如何解决这个问题,以便当我有len>1的元组密钥时,我会根据我的愿望将该密钥中的所有插槽填入一个LOCATION或NUMBER个插槽?

当前代码:

 for locationTokenIDs, location in tokenIDs2location.items():
                    for numberTokenIDs, number in tokenIDs2number.items():    
                        sentenceDict = {}    
                        sentenceDict["sentence"] = sample    
                        sentenceDict["location-value-pair"] = {location:number}  
                        for locationTokenID in locationTokenIDs:
                            for numberTokenID in numberTokenIDs:                                   
                                finalTokens = cleanSample.split()
                                finalTokens[numberTokenID] = "NUMBER_SLOT"
                                finalTokens[locationTokenID] = "LOCATION_SLOT"   
                                slotSentence = (" ").join(finalTokens)
                                sentenceDict["parsedSentence"] = slotSentence

注意,我必须创建一个字典,它还跟踪每个插槽句子组合的位置 - 值对和原始句子。关键部分是生成正确的slotSentence

请注意,这只是一个例子,数字甚至可能是24000000,其中句子中的值为24 million,相同的万亿,百万,十亿和千。

如果这是不可能的,另一个选择是填写组合中的所有插槽

In the first 11 months of 2004 LOCATION_SLOT LOCATION_SLOT 's international airport at Chek Lap Kok handled daily an average of NUMBER_SLOT flights , 92,630 passengers , and more than 7,734 tons of cargo.

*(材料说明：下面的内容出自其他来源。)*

(* Let $\mathbb X,\mathbb Y_1,\mathbb Y_2,\mathbb X^\sharp$ be sets, $c:\mathbb X\times\mathbb X^\sharp\to\overline{\mathbb R}$ a coupling, $\phi:\mathbb Y_1\times\mathbb X\times\mathbb Y_2\to\overline{\mathbb R}$, and $g_1:\mathbb Y_1\to\overline{\mathbb R}$, $g_2:\mathbb Y_2\to\overline{\mathbb R}$. Suppose there exist $\Gamma_1:\mathbb X^\sharp\times\mathbb Y_1\to\overline{\mathbb R}$ and $\Gamma_2:\mathbb X^\sharp\times\mathbb Y_2\to\overline{\mathbb R}$ such that $$\sup_{x\in\mathbb X}\big(c(x,x^\sharp)\mathbin{\underset{\cdot}{+}}(-\phi(y_1,x,y_2))\big)=\Gamma_1(x^\sharp,y_1)\mathbin{\underset{\cdot}{+}}\Gamma_2(x^\sharp,y_2)\quad\text{for all }(x^\sharp,y_1,y_2)\in\mathbb X^\sharp\times\mathbb Y_1\times\mathbb Y_2.$$ Then for all $x^\sharp\in\mathbb X^\sharp$, $$(g_1\square^{\phi}g_2)^{c}(x^\sharp)=\sup_{y_1\in\mathbb Y_1}\big(\Gamma_1(x^\sharp,y_1)\mathbin{\underset{\cdot}{+}}(-g_1(y_1))\big)\mathbin{\underset{\cdot}{+}}\sup_{y_2\in\mathbb Y_2}\big(\Gamma_2(x^\sharp,y_2)\mathbin{\underset{\cdot}{+}}(-g_2(y_2))\big).$$
   Context: $\overline{\mathbb R}=[-\infty,+\infty]$. The Moreau lower addition $\mathbin{\underset{\cdot}{+}}$ is usual addition extended by $(+\infty)\mathbin{\underset{\cdot}{+}}(-\infty)=(-\infty)\mathbin{\underset{\cdot}{+}}(+\infty)=-\infty$; the Moreau upper addition $\mathbin{\overset{\cdot}{+}}$ is usual addition extended by $(+\infty)\mathbin{\overset{\cdot}{+}}(-\infty)=(-\infty)\mathbin{\overset{\cdot}{+}}(+\infty)=+\infty$. The generalized inf-convolution is $(g_1\square^{\phi}g_2)(x)=\inf_{y_1,y_2}\big(g_1(y_1)\mathbin{\overset{\cdot}{+}}\phi(y_1,x,y_2)\mathbin{\overset{\cdot}{+}} g_2(y_2)\big)$, and for $h:\mathbb X\to\overline{\mathbb R}$, $h^{c}(x^\sharp)=\sup_{x}\big(c(x,x^\sharp)\mathbin{\underset{\cdot}{+}}(-h(x))\big)$. *)

From mathcomp Require Import all_boot all_order all_algebra.
From mathcomp Require Import all_classical all_reals ereal.
Set Implicit Arguments. Unset Strict Implicit. Unset Printing Implicit Defensive.
Import Order.TTheory GRing.Theory Num.Theory.
Local Open Scope classical_set_scope.
Local Open Scope ereal_scope.

(* Moreau lower addition: (+oo) + (-oo) = -oo.  This is mathcomp's [adde]. *)
Definition lower_add {R : realType} (a b : \bar R) : \bar R := adde a b.
(* Moreau upper addition: (+oo) + (-oo) = +oo.  This is mathcomp's [dual_adde]. *)
Definition upper_add {R : realType} (a b : \bar R) : \bar R := dual_adde a b.

Definition gen_infconv {R : realType} {X Y1 Y2 : Type}
  (phi : Y1 -> X -> Y2 -> \bar R) (g1 : Y1 -> \bar R) (g2 : Y2 -> \bar R)
  (x : X) : \bar R :=
  ereal_inf (range (fun y : Y1 * Y2 =>
    upper_add (upper_add (g1 y.1) (phi y.1 x y.2)) (g2 y.2))).

Definition cconj {R : realType} {X Xs : Type} (c : X -> Xs -> \bar R)
  (h : X -> \bar R) (xs : Xs) : \bar R :=
  ereal_sup (range (fun x : X => lower_add (c x xs) (- h x))).

From mathcomp Require Import all_boot all_order all_algebra.
From mathcomp Require Import all_classical all_reals ereal.
Local Open Scope classical_set_scope.
Local Open Scope ereal_scope.
Import Order.TTheory GRing.Theory Num.Theory.

(* Negating the inf-convolution turns it into a supremum, and the upper
   additions into lower additions of the negated terms.  Since [- g1 y1] and
   [- g2 y2] do not depend on [x], the c-conjugate becomes a supremum over
   [(y1, y2)] of [- g1 y1 - g2 y2] plus the supremum over [x] of
   [c(x, x#) - phi(y1, x, y2)], which the hypothesis splits as
   [Gamma1 + Gamma2]; the resulting separable supremum is the sum of the two
   suprema. *)

Section ereal_sup_range.
Context {R : realType}.
Implicit Types (I J : Type).

Lemma ereal_sup_range_addl I (a : \bar R) (f : I -> \bar R) :
  ereal_sup (range (fun i => a + f i)) = a + ereal_sup (range f).
Proof.
apply/le_anti/andP; split.
  apply: ge_ereal_sup => _ [i _ <-]; apply: leeD2l.
  by apply: ereal_sup_ubound; exists i.
case: a => [r| |]; last by rewrite addNye leNye.
  rewrite -leeBrDl //; apply: ge_ereal_sup => _ [i _ <-].
  by rewrite leeBrDl //; apply: ereal_sup_ubound; exists i.
case: (pselect (exists i, f i != -oo)) => [[i fi]|Nf].
  by rewrite [X in _ <= X]ereal_supy ?leey //; exists i; rewrite ?addye.
have -> : ereal_sup (range f) = -oo.
  apply/ereal_sup_ninfty => _ [i _ <-] /=.
  by apply/eqP; apply: contra_notT Nf; exists i.
by rewrite addeNy leNye.
Qed.

Lemma ereal_sup_range_pair I J (F : I -> J -> \bar R) :
  ereal_sup (range (fun p : I * J => F p.1 p.2)) =
  ereal_sup (range (fun i => ereal_sup (range (F i)))).
Proof.
apply/le_anti/andP; split.
  apply: ge_ereal_sup => _ [[i j] _ <-] /=.
  apply: le_ereal_sup_tmp; exists (ereal_sup (range (F i))); first by exists i.
  by apply: ereal_sup_ubound; exists j.
apply: ge_ereal_sup => _ [i _ <-]; apply: ge_ereal_sup => _ [j _ <-].
by apply: ereal_sup_ubound; exists (i, j).
Qed.

Lemma ereal_sup_range_comm I J (F : I -> J -> \bar R) :
  ereal_sup (range (fun i => ereal_sup (range (F i)))) =
  ereal_sup (range (fun j => ereal_sup (range (F^~ j)))).
Proof.
rewrite -!ereal_sup_range_pair; congr ereal_sup.
by rewrite eqEsubset; split=> _ [[i j] _ <-]; exists (j, i).
Qed.

Lemma ereal_sup_range_addD I J (f : I -> \bar R) (g : J -> \bar R) :
  ereal_sup (range (fun p : I * J => f p.1 + g p.2)) =
  ereal_sup (range f) + ereal_sup (range g).
Proof.
rewrite (ereal_sup_range_pair _ _ (fun i j => f i + g j)).
under eq_fun do rewrite ereal_sup_range_addl addeC.
by rewrite ereal_sup_range_addl addeC.
Qed.

Lemma oppe_ereal_inf_range I (f : I -> \bar R) :
  - ereal_inf (range f) = ereal_sup (range (fun i => - f i)).
Proof. by rewrite /ereal_inf oppeK image_comp. Qed.

End ereal_sup_range.

Lemma oppe_dual_adde {R : numDomainType} (x y : \bar R) :
  - (x + y)%dE = - x + - y.
Proof. by rewrite DualAddTheoryNumDomain.dual_addeE oppeK. Qed.

Lemma cconj_gen_infconv {R : realType} (X Y1 Y2 Xs : Type)
    (c : X -> Xs -> \bar R) (phi : Y1 -> X -> Y2 -> \bar R)
    (g1 : Y1 -> \bar R) (g2 : Y2 -> \bar R) (xs : Xs) :
  cconj c (gen_infconv phi g1 g2) xs =
  ereal_sup (range (fun y : Y1 * Y2 =>
    - g1 y.1 + - g2 y.2 + cconj c (phi y.1 ^~ y.2) xs)).
Proof.
(* [lower_add] and [upper_add] unfold to the raw [adde] and [dual_adde], while
   the library lemmas are stated for [+%E] and [+%dE]: fold them back. *)
rewrite /cconj /gen_infconv /lower_add /upper_add -[adde]/+%E -[dual_adde]/+%dE.
under eq_fun => x.
  rewrite oppe_ereal_inf_range -ereal_sup_range_addl.
  under eq_fun do rewrite !oppe_dual_adde (addeAC (- g1 _)) addeCA.
  over.
rewrite (ereal_sup_range_comm _ _
  (fun x (y : Y1 * Y2) => - g1 y.1 + - g2 y.2 + (c x xs + - phi y.1 x y.2))).
by under eq_fun do rewrite ereal_sup_range_addl.
Qed.

Theorem proposition3 (R : realType) (X Y1 Y2 Xs : Type)
  (c : X -> Xs -> \bar R) (phi : Y1 -> X -> Y2 -> \bar R)
  (g1 : Y1 -> \bar R) (g2 : Y2 -> \bar R)
  (Gamma1 : Xs -> Y1 -> \bar R) (Gamma2 : Xs -> Y2 -> \bar R) :
  (forall (xs : Xs) (y1 : Y1) (y2 : Y2),
     ereal_sup (range (fun x : X => lower_add (c x xs) (- phi y1 x y2)))
     = lower_add (Gamma1 xs y1) (Gamma2 xs y2)) ->
  forall xs : Xs,
    cconj c (gen_infconv phi g1 g2) xs
    = lower_add
        (ereal_sup (range (fun y1 : Y1 => lower_add (Gamma1 xs y1) (- g1 y1))))
        (ereal_sup (range (fun y2 : Y2 => lower_add (Gamma2 xs y2) (- g2 y2)))).
Proof.
move=> split_sup xs.
have split_cconj y1 y2 :
  cconj c (phi y1 ^~ y2) xs = Gamma1 xs y1 + Gamma2 xs y2 := split_sup xs y1 y2.
rewrite cconj_gen_infconv /lower_add -[adde]/+%E -ereal_sup_range_addD.
by under eq_fun do rewrite split_cconj addeACA [- g1 _ + _]addeC [- g2 _ + _]addeC.
Qed.
Lemma riesz_sequence (l0 : list X) : infinite_dim X ->
  exists y : nat -> X, (forall n, vnorm (y n) <= 1) /\
    forall i j w, (i < j)%nat -> in_span l0 w -> 1/2 <= vnorm (vsub (y j) (vadd (y i) w)).
Proof.
  intro Hinf.
  assert (Hex : forall l : list X, exists z,
    vnorm z <= 1 /\ forall w, in_span l w -> 1/2 <= vnorm (vsub z w)).
  { intro l. destruct (classic (exists y, ~ in_span l y)) as [[y Hy]|Hn].
    - exact (riesz_lemma l y Hy).
    - exfalso. apply Hinf. exists l. split; [apply Forall_forall; auto|].
      intros x _. apply in_span_lincomb_inv. apply NNPP. intro H. apply Hn. exists x. exact H. }
  destruct (choice _ Hex) as [pick Hpick].
  set (pre := fix pre (k : nat) : list X :=
         match k with O => l0 | S k => pre k ++ pick (pre k) :: nil end).
  exists (fun k => pick (pre k)). split; [intro n; apply Hpick|].
  assert (Hmono : forall i k x, in_span (pre i) x -> in_span (pre (i + k)%nat) x).
  { intros i k. induction k as [|k IHk]; intros x H.
    - rewrite Nat.add_0_r. exact H.
    - rewrite Nat.add_succ_r. apply (in_span_app_l HX), IHk, H. }
  intros i j w Hij Hw. apply Hpick.
  replace j with (S i + (j - S i))%nat by lia.
  apply (in_span_add HX); apply Hmono.
  - apply (in_span_In HX), in_or_app. right. left. reflexivity.
  - apply (Hmono O), Hw.
Qed.

End Riesz.

(** * Operators with closed range *)

Fixpoint vpartial_sum {X : NSpace} (x : nat -> X) (n : nat) : X :=
  match n with O => vzero | S n => vadd (vpartial_sum x n) (x n) end.

Section Series.

Context {X : NSpace} (HX : Banach X).

Lemma nested_balls_dist (z : nat -> X) (r : nat -> R) :
  (forall k, 0 < r k) -> (forall k, r (S k) <= r k / 2) ->
  (forall k, vnorm (vsub (z (S k)) (z k)) < r k / 2) ->
  forall k n, (k <= n)%nat -> vnorm (vsub (z n) (z k)) <= r k.
Proof.
  intros Hpos Hhalf Hclose.
  assert (Hnest : forall k j, vnorm (vsub (z (k + j)%nat) (z k)) + r (k + j)%nat <= r k).
  { intros k j. induction j as [|j IHj].
    - rewrite Nat.add_0_r, (vsub_diag HX), (vnorm_0 HX). lra.
    - rewrite Nat.add_succ_r. pose proof (vnorm_sub_triangle HX (z (S (k + j))) (z (k + j)%nat) (z k)).
      specialize (Hclose (k + j)%nat). specialize (Hhalf (k + j)%nat). lra. }
  intros k n Hkn. replace n with (k + (n - k))%nat by lia.
  specialize (Hnest k (n - k)%nat). specialize (Hpos (k + (n - k))%nat). lra.
Qed.

Lemma cauchy_of_dist_bound (z : nat -> X) (a : R) :
  (forall k n, (k <= n)%nat -> vnorm (vsub (z n) (z k)) <= a * (/2) ^ k) -> cauchy z.
Proof.
  intros Hz eps He.
  destruct (pow_half_small (eps / (2 * (Rabs a + 1)))) as [N HN].
  { apply Rdiv_lt_0_compat; [lra|]. pose proof (Rabs_pos a). lra. }
  exists N. intros n m Hn Hm.
  pose proof (vnorm_sub_triangle HX (z n) (z N) (z m)) as Htri.
  rewrite (vnorm_sub_sym HX (z N) (z m)) in Htri.
  specialize (Hz N n Hn) as Hn'. specialize (Hz N m Hm) as Hm'. specialize (HN N (le_n _)).
  pose proof (pow_lt (/2) N ltac:(lra)). pose proof (Rabs_pos a). pose proof (RRle_abs a).
  assert (Hq : 2 * (Rabs a + 1) * (/2) ^ N < eps).
  { apply Rmult_lt_reg_r with (/ (2 * (Rabs a + 1))); [apply Rinv_0_lt_compat; lra|].
    rewrite Rmult_comm, <- Rmult_assoc, Rinv_l by lra. lra. }
  nra.
Qed.

Lemma geometric_series_converges (x : nat -> X) (a : R) :
  (forall m, vnorm (x m) <= a * (/2) ^ m) ->
  exists l, converges_to (vpartial_sum x) l /\ vnorm l <= 2 * a.
Proof.
  intro Hx.
  assert (Hsb : forall N j, vnorm (vsub (vpartial_sum x (N + j)) (vpartial_sum x N))
                            <= 2 * a * (/2) ^ N - 2 * a * (/2) ^ (N + j)).
  { intros N j. induction j as [|j IHj].
    - rewrite Nat.add_0_r, (vsub_diag HX), (vnorm_0 HX). lra.
    - rewrite Nat.add_succ_r. simpl vpartial_sum.
      replace (vsub (vadd (vpartial_sum x (N + j)) (x (N + j)%nat)) (vpartial_sum x N))
        with (vadd (vsub (vpartial_sum x (N + j)) (vpartial_sum x N)) (x (N + j)%nat)) by abel HX.
      eapply Rle_trans; [apply (vnorm_triangle HX)|].
      specialize (Hx (N + j)%nat). simpl pow. lra. }
  assert (Ha : 0 <= a) by (pose proof (Hx O); pose proof (vnorm_ge_0 HX (x O)); simpl in *; lra).
  assert (Hdist : forall N n, (N <= n)%nat ->
            vnorm (vsub (vpartial_sum x n) (vpartial_sum x N)) <= 2 * a * (/2) ^ N).
  { intros N n Hle. replace n with (N + (n - N))%nat by lia. specialize (Hsb N (n - N)%nat).
    pose proof (pow_le (/2) (N + (n - N)) ltac:(lra)). nra. }
  destruct (banach_complete HX _ (cauchy_of_dist_bound _ (2 * a) Hdist)) as [l Hl].
  exists l. split; [exact Hl|].
  apply (limit_norm_le HX (vpartial_sum x)); [|exact Hl]. intro n.
  specialize (Hdist O n (Nat.le_0_l n)). simpl in Hdist.
  replace (vsub (vpartial_sum x n) vzero) with (vpartial_sum x n) in Hdist by abel HX. lra.
Qed.

End Series.

Section ClosedRange.

Context {X Y : NSpace} (HX : Banach X) (HY : Banach Y).
Context (V : X -> Y) (hV : bop V) (hcl : closed_range V).

Let in_range (z : Y) : Prop := exists x, V x = z.

Lemma nested_range_balls (z : nat -> Y) (r : nat -> R) :
  (forall k, in_range (z k)) -> (forall k, 0 < r k) -> r O <= 1 ->
  (forall k, r (S k) <= r k / 2) -> (forall k, vnorm (vsub (z (S k)) (z k)) < r k / 2) ->
  exists x, forall k, vnorm (vsub (V x) (z k)) <= r k.
Proof.
  intros Hz Hpos Hr0 Hhalf Hclose.
  pose proof (nested_balls_dist HY z r Hpos Hhalf Hclose) as Hdist.
  assert (Hgeom : forall k, r k <= (/2) ^ k).
  { induction k as [|k IHk]; simpl; [exact Hr0|]. specialize (Hhalf k). lra. }
  destruct (banach_complete HY z) as [zl Hzl].
  { apply (cauchy_of_dist_bound HY z 1). intros k n Hkn.
    specialize (Hdist k n Hkn). specialize (Hgeom k). lra. }
  destruct (choice (fun n x => V x = z n) Hz) as [u Hu].
  destruct (hcl u zl) as [x Hx].
  { intros eps He. destruct (Hzl eps He) as [N HN]. exists N. intros n Hn. rewrite Hu. auto. }
  exists x. intro k. rewrite Hx. exact (limit_dist_le HY z zl _ _ _ (Hdist k) Hzl).
Qed.

(* Baire category argument in the complete space [in_range]: were no closure of
   [V (ball 0 k)] to contain a ball of the range, a nested sequence of balls of the
   range avoiding the k-th one at step k would converge to a point of the range
   lying in none of them. *)
Lemma closed_range_ball_approx :
  exists (k : nat) z0 r, 0 < r /\ in_range z0 /\
    forall z, in_range z -> vnorm (vsub z z0) < r ->
      forall eps, 0 < eps -> exists x, vnorm x <= INR k /\ vnorm (vsub (V x) z) < eps.
Proof.
  apply NNPP. intro Hn.
  assert (Hstep : forall kp : nat * (Y * R), exists q : Y * R,
    0 < snd (snd kp) -> in_range (fst (snd kp)) ->
      in_range (fst q) /\ 0 < snd q /\ vnorm (vsub (fst q) (fst (snd kp))) < snd (snd kp) / 2 /\
      snd q <= snd (snd kp) / 2 /\
      forall x, vnorm x <= INR (fst kp) -> 2 * snd q <= vnorm (vsub (V x) (fst q))).
  { intros [k [z0 r]]. simpl. apply NNPP. intro Hq.
    apply Hn. exists k, z0, (r / 2). split; [|split].
    - apply NNPP. intro Hr. apply Hq. exists (z0, r). intro. lra.
    - apply NNPP. intro Hz0. apply Hq. exists (z0, r). intros _ H. contradiction.
    - intros z Hz Hzz eps Heps. apply NNPP. intro Hx. apply Hq.
      exists (z, Rmin (eps / 2) (r / 2)). intros Hr _. simpl.
      split; [exact Hz|]. split; [apply Rmin_glb_lt; lra|].
      split; [exact Hzz|]. split; [apply Rmin_r|].
      intros x Hxk. apply Rnot_lt_le. intro Hlt. apply Hx. exists x. split; [exact Hxk|].
      pose proof (Rmin_l (eps / 2) (r / 2)). lra. }
  destruct (choice _ Hstep) as [step Hstep'].
  set (st := fix st (k : nat) : Y * R := match k with O => (vzero, 1) | S k => step (k, st k) end).
  set (z := fun k => fst (st k)). set (r := fun k => snd (st k)).
  assert (Hinv : forall k, in_range (z k) /\ 0 < r k).
  { induction k as [|k [Hz Hr]].
    - split; [exists vzero; apply (linear_0 HX HY V (proj1 hV))|unfold r; simpl; lra].
    - destruct (Hstep' (k, st k) Hr Hz) as (? & ? & _). split; assumption. }
  assert (Hnext : forall k, vnorm (vsub (z (S k)) (z k)) < r k / 2 /\ r (S k) <= r k / 2 /\
            forall x, vnorm x <= INR k -> 2 * r (S k) <= vnorm (vsub (V x) (z (S k)))).
  { intro k. destruct (Hinv k) as [Hz Hr]. exact (proj2 (proj2 (Hstep' (k, st k) Hr Hz))). }
  destruct (nested_range_balls z r (fun k => proj1 (Hinv k)) (fun k => proj2 (Hinv k))
              ltac:(unfold r; simpl; lra) (fun k => proj1 (proj2 (Hnext k))) (fun k => proj1 (Hnext k)))
    as [x Hx].
  destruct (INR_unbounded (vnorm x)) as [k Hk].
  pose proof (proj2 (proj2 (Hnext k)) x (Rlt_le _ _ Hk)).
  pose proof (Hx (S k)). pose proof (proj2 (Hinv (S k))). lra.
Qed.

Lemma closed_range_ball0_approx :
  exists m r, 0 <= m /\ 0 < r /\ forall z, in_range z -> vnorm z < r ->
    forall eps, 0 < eps -> exists x, vnorm x <= m /\ vnorm (vsub (V x) z) < eps.
Proof.
  pose proof (proj1 hV) as hL.
  destruct closed_range_ball_approx as [k [z0 [r [Hr [[x0 Hx0] Hb]]]]].
  exists (2 * INR k), r. split; [pose proof (pos_INR k); lra|]. split; [exact Hr|].
  intros z [xz Hxz] Hz eps He.
  destruct (Hb (vadd z0 z)) with (eps := eps / 2) as [x1 [Hx1 Hv1]].
  { exists (vadd x0 xz). rewrite (linear_add V hL). congruence. }
  { replace (vsub (vadd z0 z) z0) with z by abel HY. exact Hz. }
  { lra. }
  destruct (Hb z0) with (eps := eps / 2) as [x2 [Hx2 Hv2]].
  { exists x0. exact Hx0. }
  { rewrite (vsub_diag HY), (vnorm_0 HY). exact Hr. }
  { lra. }
  exists (vsub x1 x2). split.
  - pose proof (vnorm_sub_le HX x1 x2). lra.
  - rewrite (linear_sub HX HY V hL).
    replace (vsub (vsub (V x1) (V x2)) z) with (vsub (vsub (V x1) (vadd z0 z)) (vsub (V x2) z0))
      by abel HY.
    pose proof (vnorm_sub_le HY (vsub (V x1) (vadd z0 z)) (vsub (V x2) z0)). lra.
Qed.

Lemma closed_range_approx :
  exists c, 0 <= c /\ forall z, in_range z -> forall eps, 0 < eps ->
    exists x, vnorm x <= c * vnorm z /\ vnorm (vsub (V x) z) < eps.
Proof.
  pose proof (proj1 hV) as hL.
  destruct closed_range_ball0_approx as [m [r [Hm [Hr Hball]]]].
  exists (2 * m / r). split; [apply Rmult_le_pos; [lra|]; left; apply Rinv_0_lt_compat, Hr|].
  intros z [xz Hxz] eps He.
  destruct (Req_dec (vnorm z) 0) as [Ez|Ez].
  { apply (vnorm_eq_0 HY) in Ez. rewrite Ez. exists vzero.
    rewrite (vnorm_0 HX), (vnorm_0 HY), (linear_0 HX HY V hL), (vsub_diag HY), (vnorm_0 HY). lra. }
  pose proof (vnorm_ge_0 HY z).
  set (t := r / (2 * vnorm z)).
  assert (Ht : 0 < t) by (unfold t; apply Rdiv_lt_0_compat; lra).
  destruct (Hball (vscal (RtoC t) z)) with (eps := eps * t) as [x' [Hx' Hv']].
  { exists (vscal (RtoC t) xz). rewrite (linear_scal V hL). congruence. }
  { rewrite (vnorm_scal_RtoC HY), Rabs_pos_eq by lra. unfold t. field_simplify; lra. }
  { apply Rmult_lt_0_compat; lra. }
  assert (Hinvt : 0 < / t) by (apply Rinv_0_lt_compat; lra).
  exists (vscal (RtoC (/ t)) x'). split.
  - rewrite (vnorm_scal_RtoC HX), Rabs_pos_eq by lra.
    apply Rle_trans with (/ t * m); [apply Rmult_le_compat_l; lra|].
    right. unfold t. field. lra.
  - rewrite (linear_scal V hL).
    replace (vsub (vscal (RtoC (/ t)) (V x')) z) with (vscal (RtoC (/ t)) (vsub (V x') (vscal (RtoC t) z))).
    + rewrite (vnorm_scal_RtoC HY), Rabs_pos_eq by lra.
      apply Rlt_le_trans with (/ t * (eps * t)); [apply Rmult_lt_compat_l; lra|].
      right. field. lra.
    + rewrite (vscal_sub_r HY), <- (vscal_mul HY), RtoC_mult, Rinv_l by lra.
      change (RtoC 1) with C1. rewrite (vscal_1 HY). reflexivity.
Qed.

然后可能会调整句子以删除连续的插槽,但我的偏好是一次性完成所有操作。

3 个答案:

答案 0 :(得分:0)

当locationTokenID实际上表示应被视为插槽的标记切片的端点时,代码将每个locationTokenID视为一个插槽。因此,我们需要删除for locationTokenID in locationTokenIDs:循环(它在每个locationTokenID上循环,就像它是一个插槽一样),并将由该对locationTokenID定义的相应单词切换替换为单个插槽。

以下代码解决了OP中解决的问题,但其他问题仍然存在(例如只保留了最后生成的slotSentence;我会让你解决这个问题,因为我不知道你想要什么数据结构存储插槽句子:)

sample = "In the first 11 months of 2004 Hong Kong 's international airport at Chek Lap Kok handled daily an average of 592 flights , 92,630 passengers , and more than 7,734 tons of cargo."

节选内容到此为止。